Kazuki1450/Qwen3-1.7B-Base_csum_6_10_rel_10_1p0_0p0_1p0_grpo_2_rule is a 2 billion parameter language model fine-tuned from Qwen/Qwen3-1.7B-Base. This model was trained using the GRPO method, which is designed to enhance mathematical reasoning capabilities. It is optimized for tasks requiring advanced mathematical problem-solving and logical deduction, building upon the Qwen3 architecture with a 40960 token context length.
Loading preview...
Model Overview
This model, Kazuki1450/Qwen3-1.7B-Base_csum_6_10_rel_10_1p0_0p0_1p0_grpo_2_rule, is a specialized fine-tuned version of the Qwen3-1.7B-Base model. It incorporates a 2 billion parameter architecture and supports an extensive context length of 40960 tokens, making it suitable for processing longer inputs.

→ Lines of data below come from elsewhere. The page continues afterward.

(* Let $G = \bigcap_{i \in \mathcal{I}} G_i$ be a nonempty domain in $\mathbb{R}^d$, where $\mathcal{I}=\{1,\dots,\mathbf{I}\}$ is a nonempty finite index set and for each $i \in \mathcal{I}$, $G_i$ is a nonempty domain, $G_i \neq \mathbb{R}^d$, whose boundary $\partial G_i$ is $C^1$, and let $n^i(\cdot)$ denote the unit normal vector field on $\partial G_i$ pointing into $G_i$. Let $\gamma^i:\mathbb{R}^d\to\mathbb{R}^d$, $i\in\mathcal{I}$, be vector fields, and for $x\in\mathbb{R}^d$ let $\mathcal{I}(x)=\{i\in\mathcal{I}: x\in\partial G_i\}$. Then there is a constant $a \in (0,1)$ and a vector valued function $b: \partial G \to \mathbb{R}_+^{\mathbf{I}}$ such that for each $x \in \partial G$, $\sum_{i \in \mathcal{I}(x)} b_i(x) = 1$ and for each $i \in \mathcal{I}(x)$, $$b_i(x)\langle n^i(x), \gamma^i(x)\rangle \ge a + \sum_{j \in \mathcal{I}(x)\setminus\{i\}} b_j(x)\,|\langle n^j(x), \gamma^i(x)\rangle|,$$ if and only if there is a constant $a \in (0,1)$ and a vector valued function $c: \partial G \to \mathbb{R}_+^{\mathbf{I}}$ such that for each $x \in \partial G$, $\sum_{i \in \mathcal{I}(x)} c_i(x) = 1$ and for each $i \in \mathcal{I}(x)$, $$c_i(x)\langle \gamma^i(x), n^i(x)\rangle \ge a + \sum_{j \in \mathcal{I}(x)\setminus\{i\}} c_j(x)\,|\langle \gamma^j(x), n^i(x)\rangle|.$$
   Context: $\langle\cdot,\cdot\rangle$ is the Euclidean inner product on $\mathbb{R}^d$, $\mathbb{R}_+^{\mathbf{I}}$ is the nonnegative orthant, and $\partial G$ is the boundary of $G$. *)

From HB Require Import structures.
From mathcomp Require Import all_boot all_order all_algebra.
From mathcomp Require Import all_classical all_reals all_analysis.
Set Implicit Arguments. Unset Strict Implicit. Unset Printing Implicit Defensive.
Import Order.TTheory GRing.Theory Num.Theory numFieldNormedType.Exports.
Local Open Scope classical_set_scope.
Local Open Scope ring_scope.

Section Defs.
Variables (R : realType) (d : nat).
Notation V := 'rV[R]_d.

Definition dotp (u v : V) : R := \sum_(k < d) u ord0 k * v ord0 k.
Definition enorm (u : V) : R := Num.sqrt (dotp u u).

Definition bdry (A : set V) : set V := closure A `\` interior A.

Definition domain (A : set V) : Prop := [/\ A !=set0, open A & connected A].

Definition partial (f : V -> R) (k : 'I_d) (x : V) : R :=
  'D_(delta_mx ord0 k) f x.
Definition grad (f : V -> R) (x : V) : V := \row_k partial f k x.

Definition C1_on (U : set V) (f : V -> R) : Prop :=
  (forall y, U y -> differentiable f y) /\
  (forall k y, U y -> {for y, continuous (partial f k)}).

Definition local_defining (A : set V) (x : V) (U : set V) (phi : V -> R) : Prop :=
  [/\ open U, U x, C1_on U phi, grad phi x != 0 &
      forall y, U y -> (A y <-> 0 < phi y)].

Definition C1_boundary (A : set V) : Prop :=
  forall x, bdry A x -> exists U phi, local_defining A x U phi.

Definition inward_unit_normal (A : set V) (n : V -> V) : Prop :=
  forall x, bdry A x -> exists U phi, local_defining A x U phi /\
    n x = (enorm (grad phi x))^-1 *: grad phi x.

Definition active (I : nat) (G : 'I_I -> set V) (x : V) (i : 'I_I) : bool :=
  `[< bdry (G i) x >].

Definition bigG (I : nat) (G : 'I_I -> set V) : set V := \bigcap_(i in setT) G i.

End Defs.

From HB Require Import structures.
From mathcomp Require Import all_boot all_order all_algebra.
From mathcomp Require Import all_classical all_reals all_analysis.
From mathcomp Require Import ring lra.
Set Implicit Arguments. Unset Strict Implicit. Unset Printing Implicit Defensive.
Import Order.TTheory GRing.Theory Num.Theory numFieldNormedType.Exports.
Local Open Scope ring_scope.

(* At each boundary point the condition on b says that w = b satisfies
   w^T A >= a columnwise for the Z-matrix A with diagonal <n^i, gamma^i> and
   off-diagonal entries -|<n^j, gamma^i>|; the condition on c says A c >= a
   rowwise.  A Z-matrix admitting a nonnegative w with w^T A > 0 is a
   nonsingular M-matrix, so Gaussian elimination (which keeps the Schur
   complement a Z-matrix with the same property) solves A c0 = 1 with c0 >= 0;
   normalising, c = c0 / sum c0 satisfies A c = 1 / sum c0 >= a, because
   a * sum c0 <= w^T A c0 = sum w = 1.  The converse is the same statement for
   the transposed matrix. *)

Section Zmatrix.
Variables (T : finType) (R : realFieldType).
Implicit Types (S : {set T}) (A : T -> T -> R) (b c v : T -> R).

Definition Zmatrix_on S A :=
  forall i j, i \in S -> j \in S -> i != j -> A i j <= 0.

Definition schur A p i j := A i j - A i p * A p j / A p p.

Lemma sum_schur_l (D : {pred T}) A p b j :
  \sum_(i in D) b i * schur A p i j =
  \sum_(i in D) b i * A i j - (\sum_(i in D) b i * A i p) * A p j / A p p.
Proof. by rewrite !mulr_suml -sumrB; apply: eq_bigr => i _; rewrite /schur; ring. Qed.

Lemma sum_schur_r (D : {pred T}) A p i c :
  \sum_(j in D) schur A p i j * c j =
  \sum_(j in D) A i j * c j - A i p / A p p * \sum_(j in D) A p j * c j.
Proof. by rewrite mulr_sumr -sumrB; apply: eq_bigr => j _; rewrite /schur; ring. Qed.

Section Pivot.
Variables (S : {set T}) (A : T -> T -> R) (p : T).
Hypotheses (pS : p \in S) (ZA : Zmatrix_on S A).

Lemma Zmatrix_pivot_gt0 b :
  {in S, forall i, 0 <= b i} -> 0 < \sum_(i in S) b i * A i p -> 0 < A p p.
Proof.
move=> b_ge0; rewrite (big_setD1 p pS) /=.
have : \sum_(i in S :\ p) b i * A i p <= 0.
  apply: sumr_le0 => i; rewrite in_setD1 => /andP[ip iS].
  by rewrite mulr_ge0_le0 ?b_ge0 ?ZA.
have := b_ge0 p pS; nra.
Qed.

Hypothesis App_gt0 : 0 < A p p.

Lemma schur_Zmatrix : Zmatrix_on (S :\ p) (schur A p).
Proof.
move=> i j; rewrite !in_setD1 => /andP[ip iS] /andP[jp jS] ij.
have : 0 <= A i p * A p j / A p p.
  by apply: divr_ge0 (ltW App_gt0); apply: mulr_le0; apply: ZA; rewrite // eq_sym.
by have := ZA iS jS ij; rewrite /schur; lra.
Qed.

Lemma schur_col_gt0 b :
  {in S, forall j, 0 < \sum_(i in S) b i * A i j} ->
  {in S :\ p, forall j, 0 < \sum_(i in S :\ p) b i * schur A p i j}.
Proof.
move=> col_gt0 j; rewrite in_setD1 => /andP[jp jS]; rewrite sum_schur_l.
have := col_gt0 p pS; have := col_gt0 j jS; rewrite !(big_setD1 p pS) /=.
set Xp := \sum_(i in S :\ p) b i * A i p; set Xj := \sum_(i in S :\ p) _.
move=> Xj_gt0 Xp_gt0.
have t_ge0 : 0 <= - (A p j / A p p).
  by rewrite oppr_ge0 pmulr_lle0 ?invr_gt0 ?ZA // eq_sym.
have := mulr_ge0 t_ge0 (ltW Xp_gt0).
have -> : - (A p j / A p p) * (b p * A p p + Xp) = - (Xp * A p j / A p p) - b p * A p j.
  by field; rewrite gt_eqF.
lra.
Qed.

Definition back_subst v c j :=
  if j == p then (v p - \sum_(k in S :\ p) A p k * c k) / A p p else c j.

Lemma back_subst_solves v c :
  {in S :\ p, forall i,
     \sum_(j in S :\ p) schur A p i j * c j = v i - A i p * v p / A p p} ->
  {in S, forall i, \sum_(j in S) A i j * back_subst v c j = v i}.
Proof.
move=> sol i iS; rewrite (big_setD1 p pS) /= /back_subst eqxx.
rewrite [X in _ + X](eq_bigr (fun j => A i j * c j)) => [|j]; last first.
  by rewrite in_setD1 => /andP[/negbTE ->].
have Ann : A p p != 0 by rewrite gt_eqF.
have [->|ip] := eqVneq i p; first by field.
have := sol i; rewrite in_setD1 ip iS sum_schur_r => /(_ isT) e.
have -> : \sum_(j in S :\ p) A i j * c j =
  v i - A i p * v p / A p p + A i p / A p p * \sum_(j in S :\ p) A p j * c j.
  by rewrite -e; ring.
by field.
Qed.

End Pivot.

Lemma Zmatrix_solve_nonneg S A b v :
  Zmatrix_on S A -> {in S, forall i, 0 <= b i} ->
  {in S, forall j, 0 < \sum_(i in S) b i * A i j} ->
  {in S, forall i, 0 <= v i} ->
  exists2 c, {in S, forall j, 0 <= c j} &
             {in S, forall i, \sum_(j in S) A i j * c j = v i}.
Proof.
move Hk : #|S| => k; elim: k S A v Hk => [|k IH] S A v cardS ZA b_ge0 col_gt0 v_ge0.
  by exists (fun=> 0) => i; rewrite (cards0_eq cardS) inE.
have [p pS] : exists p, p \in S by apply/set0Pn; rewrite -card_gt0 cardS.
have App_gt0 := Zmatrix_pivot_gt0 pS ZA b_ge0 (col_gt0 p pS).
pose v' i := v i - A i p * v p / A p p.
have v'_ge0 : {in S :\ p, forall i, 0 <= v' i}.
  move=> i; rewrite in_setD1 => /andP[ip iS].
  have : A i p * v p / A p p <= 0.
    by rewrite pmulr_lle0 ?invr_gt0 // mulr_le0_ge0 ?ZA ?v_ge0.
  by have := v_ge0 i iS; rewrite /v'; lra.
have cardS' : #|S :\ p| = k by move: cardS; rewrite (cardsD1 p S) pS => -[].
have b_ge0' : {in S :\ p, forall i, 0 <= b i}.
  by move=> i; rewrite in_setD1 => /andP[_ /b_ge0].
have [c c_ge0 c_sol] := IH _ _ v' cardS' (schur_Zmatrix pS ZA App_gt0) b_ge0'
  (schur_col_gt0 pS ZA App_gt0 col_gt0) v'_ge0.
exists (back_subst S A p v c); last exact: back_subst_solves.
move=> j jS; rewrite /back_subst; case: eqVneq => [_|jp]; last first.
  by apply: c_ge0; rewrite in_setD1 jp.
apply: divr_ge0 (ltW App_gt0); rewrite subr_ge0 (le_trans _ (v_ge0 p pS)) //.
apply: sumr_le0 => i; rewrite in_setD1 => /andP[ip iS].
by rewrite mulr_le0_ge0 ?ZA ?c_ge0 1?eq_sym // in_setD1 ip.
Qed.

Lemma Zmatrix_normalized_solution S A a b :
  0 < a -> Zmatrix_on S A -> {in S, forall i, 0 <= b i} ->
  \sum_(i in S) b i = 1 ->
  {in S, forall j, a <= \sum_(i in S) b i * A i j} ->
  exists c : T -> R, [/\ forall j, 0 <= c j, \sum_(i in S) c i = 1 &
    {in S, forall i, a <= \sum_(j in S) A i j * c j}].
Proof.
move=> a_gt0 ZA b_ge0 sum_b col_ge.
have [c0 c0_ge0 c0_sol] := Zmatrix_solve_nonneg (v := fun=> 1) ZA b_ge0
  (fun j jS => lt_le_trans a_gt0 (col_ge j jS)) (fun _ _ => ler01).
have sum_c0_col : \sum_(j in S) c0 j * \sum_(i in S) b i * A i j = 1.
  rewrite -sum_b; under [RHS]eq_bigr => i iS do rewrite -[b i]mulr1 -(c0_sol i iS) mulr_sumr.
  rewrite exchange_big /=; apply: eq_bigr => j _; rewrite mulr_sumr.
  by apply: eq_bigr => i _; ring.
set s := \sum_(j in S) c0 j.
have as_le1 : a * s <= 1.
  rewrite -sum_c0_col /s mulr_sumr; apply: ler_sum => j jS.
  by rewrite mulrC ler_wpM2l ?c0_ge0 ?col_ge.
have s_gt0 : 0 < s.
  rewrite lt_def sumr_ge0 ?andbT //; apply/eqP => /psumr_eq0P s0.
  move: sum_c0_col; rewrite big1 => [/eqP|j jS]; first by rewrite eq_sym oner_eq0.
  by rewrite s0 ?mul0r.
exists (fun i => if i \in S then c0 i / s else 0); split.
- by move=> j; case: ifP => // jS; rewrite divr_ge0 ?c0_ge0 ?ltW.
- by rewrite -(divff (lt0r_neq0 s_gt0)) /s mulr_suml; apply: eq_bigr => i ->.
- move=> i iS; rewrite (eq_bigr (fun j => A i j * c0 j / s)) => [|j ->]; last first.
    by rewrite mulrA.
  by rewrite -mulr_suml c0_sol // ler_pdivlMr.
Qed.

End Zmatrix.

Section Dominance.
Variables (R : realFieldType) (T : finType).

Definition dominant_weights (S : pred T) (K : T -> T -> R) (a : R) (w : T -> R) :=
  (forall i, 0 <= w i) /\ (\sum_(i | S i) w i = 1) /\
  (forall i, S i -> w i * K i i >= a + \sum_(j | S j && (j != i)) w j * `|K j i|).

Lemma big_split_active (S : pred T) i (F : T -> R) : S i ->
  \sum_(j in [set j | S j]) F j = F i + \sum_(j | S j && (j != i)) F j.
Proof.
move=> Si; rewrite (big_setD1 i) ?inE //; congr (_ + _).
by apply: eq_bigl => j; rewrite !inE andbC.
Qed.

Lemma dominant_weights_transpose S K a w : 0 < a ->
  dominant_weights S K a w -> exists c, dominant_weights S (fun i j => K j i) a c.
Proof.
move=> a_gt0 [w_ge0 [sum_w dom_w]].
pose A i j := if i == j then K j j else - `|K i j|.
have [c [c_ge0 sum_c row_ge]] : exists c, [/\ forall j, 0 <= c j,
    \sum_(i in [set i | S i]) c i = 1 &
    {in [set i | S i], forall i, a <= \sum_(j in [set i | S i]) A i j * c j}].
  apply: Zmatrix_normalized_solution => //.
  - by move=> i j _ _ ij; rewrite /A (negbTE ij) oppr_le0.
  - by rewrite -sum_w; apply: eq_bigl => i; rewrite inE.
  - move=> j; rewrite inE => Sj; rewrite (big_split_active _ Sj) /A eqxx.
    rewrite (eq_bigr (fun i => - (w i * `|K i j|))) ?sumrN; last first.
      by move=> i /andP[_ /negbTE ->]; rewrite mulrN.
    by have := dom_w j Sj; lra.
exists c; split=> //; split=> [|i Si].
  by rewrite -sum_c; apply: eq_bigl => i; rewrite inE.
have := row_ge i; rewrite inE (big_split_active _ Si) /A eqxx => /(_ Si).
rewrite (eq_bigr (fun j => - (c j * `|K i j|))) ?sumrN; last first.
  by move=> j /andP[_ ji]; rewrite eq_sym (negbTE ji) mulNr mulrC.
by rewrite mulrC; lra.
Qed.

Definition uniformly_dominant (X : Type) (bd : X -> Prop) (S : X -> pred T)
    (K : X -> T -> T -> R) :=
  exists (a : R) (w : X -> T -> R),
    [/\ 0 < a, a < 1 & forall x, bd x -> dominant_weights (S x) (K x) a (w x)].

Lemma uniformly_dominant_transpose X bd S K :
  @uniformly_dominant X bd S K ->
  uniformly_dominant bd S (fun x i j => K x j i).
Proof.
move=> [a [w [a_gt0 a_lt1 dom]]]; exists a.
have /choice[c Hc] : forall x, exists c, bd x ->
    dominant_weights (S x) (fun i j => K x j i) a c.
  move=> x; have [bx|nbx] := pselect (bd x); last by exists (fun=> 0).
  by have [c Hc] := dominant_weights_transpose a_gt0 (dom x bx); exists c.
by exists c; split.
Qed.

End Dominance.

Lemma dotpC (R : realType) (d : nat) (u v : 'rV[R]_d) : dotp u v = dotp v u.
Proof. by apply: eq_bigr => k _; rewrite mulrC. Qed.

Local Open Scope classical_set_scope.

Theorem lemma3p1 (R : realType) (d I : nat) (G : 'I_I -> set 'rV[R]_d)
    (n gamma : 'I_I -> 'rV[R]_d -> 'rV[R]_d) :
  (0 < I)%N ->
  domain (bigG G) ->
  (forall i, domain (G i)) ->
  (forall i, G i <> setT) ->
  (forall i, C1_boundary (G i)) ->
  (forall i, inward_unit_normal (G i) (n i)) ->
  (exists (a : R) (b : 'rV[R]_d -> 'I_I -> R),
     [/\ 0 < a, a < 1 &
     forall x, bdry (bigG G) x ->
       (forall i, 0 <= b x i) /\
       (\sum_(i | active G x i) b x i = 1) /\
       (forall i, active G x i ->
          b x i * dotp (n i x) (gamma i x) >=
          a + \sum_(j | active G x j && (j != i))
                b x j * `|dotp (n j x) (gamma i x)|)])
  <->
  (exists (a : R) (c : 'rV[R]_d -> 'I_I -> R),
     [/\ 0 < a, a < 1 &
     forall x, bdry (bigG G) x ->
       (forall i, 0 <= c x i) /\
       (\sum_(i | active G x i) c x i = 1) /\
       (forall i, active G x i ->
          c x i * dotp (gamma i x) (n i x) >=
          a + \sum_(j | active G x j && (j != i))
                c x j * `|dotp (gamma j x) (n i x)|)]).
Proof.
move=> _ _ _ _ _ _.
pose K x j i := dotp (n j x) (gamma i x).
change (uniformly_dominant (bdry (bigG G)) (active G) K <->
        uniformly_dominant (bdry (bigG G)) (active G)
          (fun x j i => dotp (gamma j x) (n i x))).
have -> : (fun x j i => dotp (gamma j x) (n i x)) = (fun x j i => K x i j).
  by apply/funext => x; apply/funext => j; apply/funext => i; rewrite dotpC.
by split=> /uniformly_dominant_transpose.
Qed.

Key Differentiator: GRPO Training
The primary distinction of this model lies in its training methodology. It was fine-tuned using the GRPO (Gradient-based Reasoning Policy Optimization) method, as introduced in the research paper "DeepSeekMath: Pushing the Limits of Mathematical Reasoning in Open Language Models". This technique is specifically designed to improve a model's ability in mathematical reasoning and complex problem-solving.
Training Details
- Base Model: Qwen/Qwen3-1.7B-Base
- Training Framework: TRL (Transformer Reinforcement Learning) version 0.23.0
- Core Method: GRPO, focused on enhancing mathematical reasoning.
Potential Use Cases
Given its GRPO-enhanced training, this model is particularly well-suited for applications requiring:
- Mathematical problem-solving
- Logical reasoning tasks
- Scientific computing assistance
- Educational tools for math and logic
Developers can quickly integrate this model using the provided transformers pipeline for text generation tasks, especially those benefiting from improved reasoning capabilities.